The task:
Please retype the data that follows, starting at the line containing "dl -> d x x' < e))))." and stopping after the last line.

Task inputs:
Lemma theta_continuous : mcontinuous d f ->
  forall x e, 0 < e -> exists dl, 0 < dl /\
  forall x', d x x' < dl -> dPi (theta f P x) (theta f P x') < e.
Proof.
  intros Hf x e He. destruct (dPi_theta_lt_of_cells_agree e He) as [K HK].
  destruct (exists_pos_forall_le2 (fun n i dl => forall x', d x x' < dl ->
              cell (P n) (Nat.iter i f x') = cell (P n) (Nat.iter i f x)) K)
    as [dl [Hdl Hcells]].
  - intros n i a b Hab H x' Hx'. apply H. lra.
  - intros n i _ _. apply (cell_comp_locally_constant (Hpart n)), iter_continuous, Hf.
  - exists dl; split; [exact Hdl|]. intros x' Hx'. apply HK. intros n i Hn Hi. apply Hcells; auto.
Qed.

Lemma theta_unif_continuous : tame d P -> unif_continuous d f ->
  forall e, 0 < e -> exists dl, 0 < dl /\ forall x x',
    d x x' < dl -> dPi (theta f P x) (theta f P x') < e.
Proof.
  intros [_ Hsep] Huc e He. destruct (dPi_theta_lt_of_cells_agree e He) as [K HK].
  destruct (exists_pos_forall_le2 (fun n i dl => forall x x', d x x' < dl ->
              cell (P n) (Nat.iter i f x') = cell (P n) (Nat.iter i f x)) K)
    as [dl [Hdl Hcells]].
  - intros n i a b Hab H x x' Hx'. apply H. lra.
  - intros n i _ _. destruct (Hsep n) as [rho [Hrho Hrho_sep]].
    apply (cell_comp_unif_locally_constant (Hpart n) _ rho Hrho Hrho_sep).
    apply iter_unif_continuous, Huc.
  - exists dl; split; [exact Hdl|]. intros x x' Hx'. apply HK. intros n i Hn Hi.
    apply Hcells; auto.
Qed.

Lemma theta_inv_unif_continuous : tame d P ->
  forall e, 0 < e -> exists dl, 0 < dl /\ forall x x',
    dPi (theta f P x) (theta f P x') < dl -> d x x' < e.
Proof.
  intros [Hdiam _] e He. destruct (Hdiam (e / 2)) as [N HN]; [lra|].
  exists (/ (INR N + 1)). split; [apply inv_succ_bounds|].
  intros x x' H. apply dPi_lt_inv_head in H.
  change (cell (P N) x = cell (P N) x') in H.
  assert (Hx' : cell (P N) x x') by (rewrite H; apply (cell_self (Hpart N))).
  pose proof (HN N (le_n N) _ (cell_in (Hpart N) x) x x' (cell_self (Hpart N) x) Hx').
  lra.
Qed.

Lemma unif_continuous_of_theta :
  (forall e, 0 < e -> exists dl, 0 < dl /\ forall x x',
     d x x' < dl -> dPi (theta f P x) (theta f P x') < e) ->
  (forall e, 0 < e -> exists dl, 0 < dl /\ forall x x',
     dPi (theta f P x) (theta f P x') < dl -> d x x' < e) ->
  unif_continuous d f.
Proof.
  intros Htheta Hinv e He. destruct (Hinv e He) as [dl1 [Hdl1 H1]].
  destruct (Htheta (dl1 / 2)) as [dl2 [Hdl2 H2]]; [lra|].
  exists dl2; split; [exact Hdl2|]. intros x x' Hx. apply H1.
  pose proof (dPi_theta_shift x x'). pose proof (H2 x x' Hx). lra.
Qed.

Hypothesis Hd : is_metric d.
Hypothesis Hbasis : is_basis d (fun O => exists n, P n O).

Lemma exists_cell_sub_ball x r : 0 < r ->
  exists n, subset (cell (P n) x) (fun y => d x y < r).
Proof.
  destruct Hd as [_ [Hzero [_ Htri]]]. intro Hr.
  assert (Hopen : mopen d (fun y => d x y < r)).
  { intros y Hy. exists (r - d x y). split; [lra|].
    intros z Hz. pose proof (Htri x y z). lra. }
  assert (Hxx : d x x < r) by (rewrite (proj2 (Hzero x x) eq_refl); exact Hr).
  destruct (proj2 Hbasis _ x Hopen Hxx) as [O [[n HO] [Hx Hsub]]].
  exists n. rewrite (cell_eq (Hpart n) O x HO Hx). exact Hsub.
Qed.

Lemma theta_injective x x' : theta f P x = theta f P x' -> x = x'.
Proof.
  destruct Hd as [Hpos [Hzero _]]. intro E.
  destruct (classic (x = x')) as [|Hne]; auto. exfalso.
  assert (Hdx : 0 < d x x').
  { destruct (Hpos x x') as [H|H]; auto. exfalso; apply Hne, Hzero; auto. }
  destruct (exists_cell_sub_ball x _ Hdx) as [n Hsub].
  assert (Ecell : cell (P n) x = cell (P n) x') by exact (f_equal (fun y => y n 0%nat) E).
  pose proof (Hsub x' ltac:(rewrite Ecell; apply (cell_self (Hpart n)))). lra.
Qed.

Lemma theta_inv_continuous x e : 0 < e -> exists dl, 0 < dl /\
  forall x', dPi (theta f P x) (theta f P x') < dl -> d x x' < e.
Proof.
  intro He. destruct (exists_cell_sub_ball x e He) as [n Hsub].
  exists (/ (INR n + 1)). split; [apply inv_succ_bounds|].
  intros x' H. apply dPi_lt_inv_head in H.
  change (cell (P n) x = cell (P n) x') in H.
  apply Hsub. rewrite H. apply (cell_self (Hpart n)).
Qed.

(* x comes from completeness applied to the time-0 coordinates.  For the coordinate (n, i),
   take an orbit witness z at a level >= n fine enough that z lies in the ball around x on
   which cell (P n) o f^i is constant: then f^i z lies in both y n i and cell (P n) (f^i x). *)
Lemma theta_surjective : mcontinuous d f -> complete_seq P ->
  forall y, inv_limit f P y -> exists x, theta f P x = y.
Proof.
  intros Hf Hc y Hy. pose proof Hy as [Horb Hhook].
  destruct (Hc (fun n => y n 0%nat) (fun n => proj1 (Horb n) 0%nat)
               (fun n => proj2 (Hhook n 0%nat))) as [x Hx].
  exists x. apply functional_extensionality; intro n.
  apply functional_extensionality; intro i. unfold theta.
  destruct (cell_comp_locally_constant (Hpart n) _ (iter_continuous d f Hf i) x)
    as [dl [Hdl Hloc]].
  destruct (exists_cell_sub_ball x dl Hdl) as [m Hsub].
  assert (Hym : y m 0%nat = cell (P m) x).
  { symmetry. apply (cell_eq (Hpart m)); [apply (proj1 (Horb m)) | apply Hx]. }
  destruct (proj2 (Horb (Nat.max m n)) i) as [z Hz].
  assert (Hzm : cell (P m) x z).
  { rewrite <- Hym. apply (inv_limit_antitone f P y Hy m (Nat.max m n) 0); [lia|].
    apply (Hz 0%nat); lia. }
  assert (Hzn : y n i (Nat.iter i f z)).
  { apply (inv_limit_antitone f P y Hy n (Nat.max m n) i); [lia|]. apply Hz; lia. }
  rewrite <- (Hloc z (Hsub z Hzm)).
  apply (cell_eq (Hpart n)); [apply (proj1 (Horb n)) | exact Hzn].
Qed.

End Theta.

Theorem proposition4p12 (X : Type) (d : X -> X -> R) (f : X -> X)
  (P : nat -> (X -> Prop) -> Prop)
  (Xne : inhabited X) (Hd : is_metric d) (Hsep : separable d)
  (Hf : mcontinuous d f) (HP : defining_sequence d P) :
  (complete_seq P ->
     (* theta maps X into the inverse limit, and is a homeomorphism onto it *)
     (forall x, inv_limit f P (theta f P x)) /\
     (forall x x', theta f P x = theta f P x' -> x = x') /\
     (forall y, inv_limit f P y -> exists x, theta f P x = y) /\
     (forall x e, 0 < e -> exists dl, 0 < dl /\
        forall x', d x x' < dl -> dPi (theta f P x) (theta f P x') < e) /\
     (forall x e, 0 < e -> exists dl, 0 < dl /\
        forall x', dPi (theta f P x) (theta f P x') < dl -> d x x' < e)) /\
  (complete_seq P -> tame d P ->
     (unif_continuous d f <->
       ((forall e, 0 < e -> exists dl, 0 < dl /\ forall x x',
            d x x' < dl -> dPi (theta f P x) (theta f P x') < e) /\
        (forall e, 0 < e -> exists dl, 0 < dl /\ forall x x',
            dPi (theta f P x) (theta f P x') < dl -> d x x' < e)))).
Proof.
  destruct HP as [Hpart [Href Hbasis]].
  split.
  - intro Hc. split; [|split; [|split; [|split]]].
    + exact (theta_inv_limit f Hpart Href).
    + exact (theta_injective f Hpart Hd Hbasis).
    + exact (theta_surjective f Hpart Hd Hbasis Hf Hc).
    + exact (theta_continuous f Hpart Hf).
    + exact (theta_inv_continuous f Hpart Hd Hbasis).
  - intros _ Htame. split.
    + intro Huc. split.
      * exact (theta_unif_continuous f Hpart Htame Huc).
      * exact (theta_inv_unif_continuous f Hpart Htame).
    + intros [Htheta Hinv]. exact (unif_continuous_of_theta f Htheta Hinv).
Qed.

Answer:
            dPi (theta f P x) (theta f P x') < dl -> d x x' < e)))).
Proof.
  destruct HP as [Hpart [Href Hbasis]].
  split.
  - intro Hc. split; [|split; [|split; [|split]]].
    + exact (theta_inv_limit f Hpart Href).
    + exact (theta_injective f Hpart Hd Hbasis).
    + exact (theta_surjective f Hpart Hd Hbasis Hf Hc).
    + exact (theta_continuous f Hpart Hf).
    + exact (theta_inv_continuous f Hpart Hd Hbasis).
  - intros _ Htame. split.
    + intro Huc. split.
      * exact (theta_unif_continuous f Hpart Htame Huc).
      * exact (theta_inv_unif_continuous f Hpart Htame).
    + intros [Htheta Hinv]. exact (unif_continuous_of_theta f Htheta Hinv).
Qed.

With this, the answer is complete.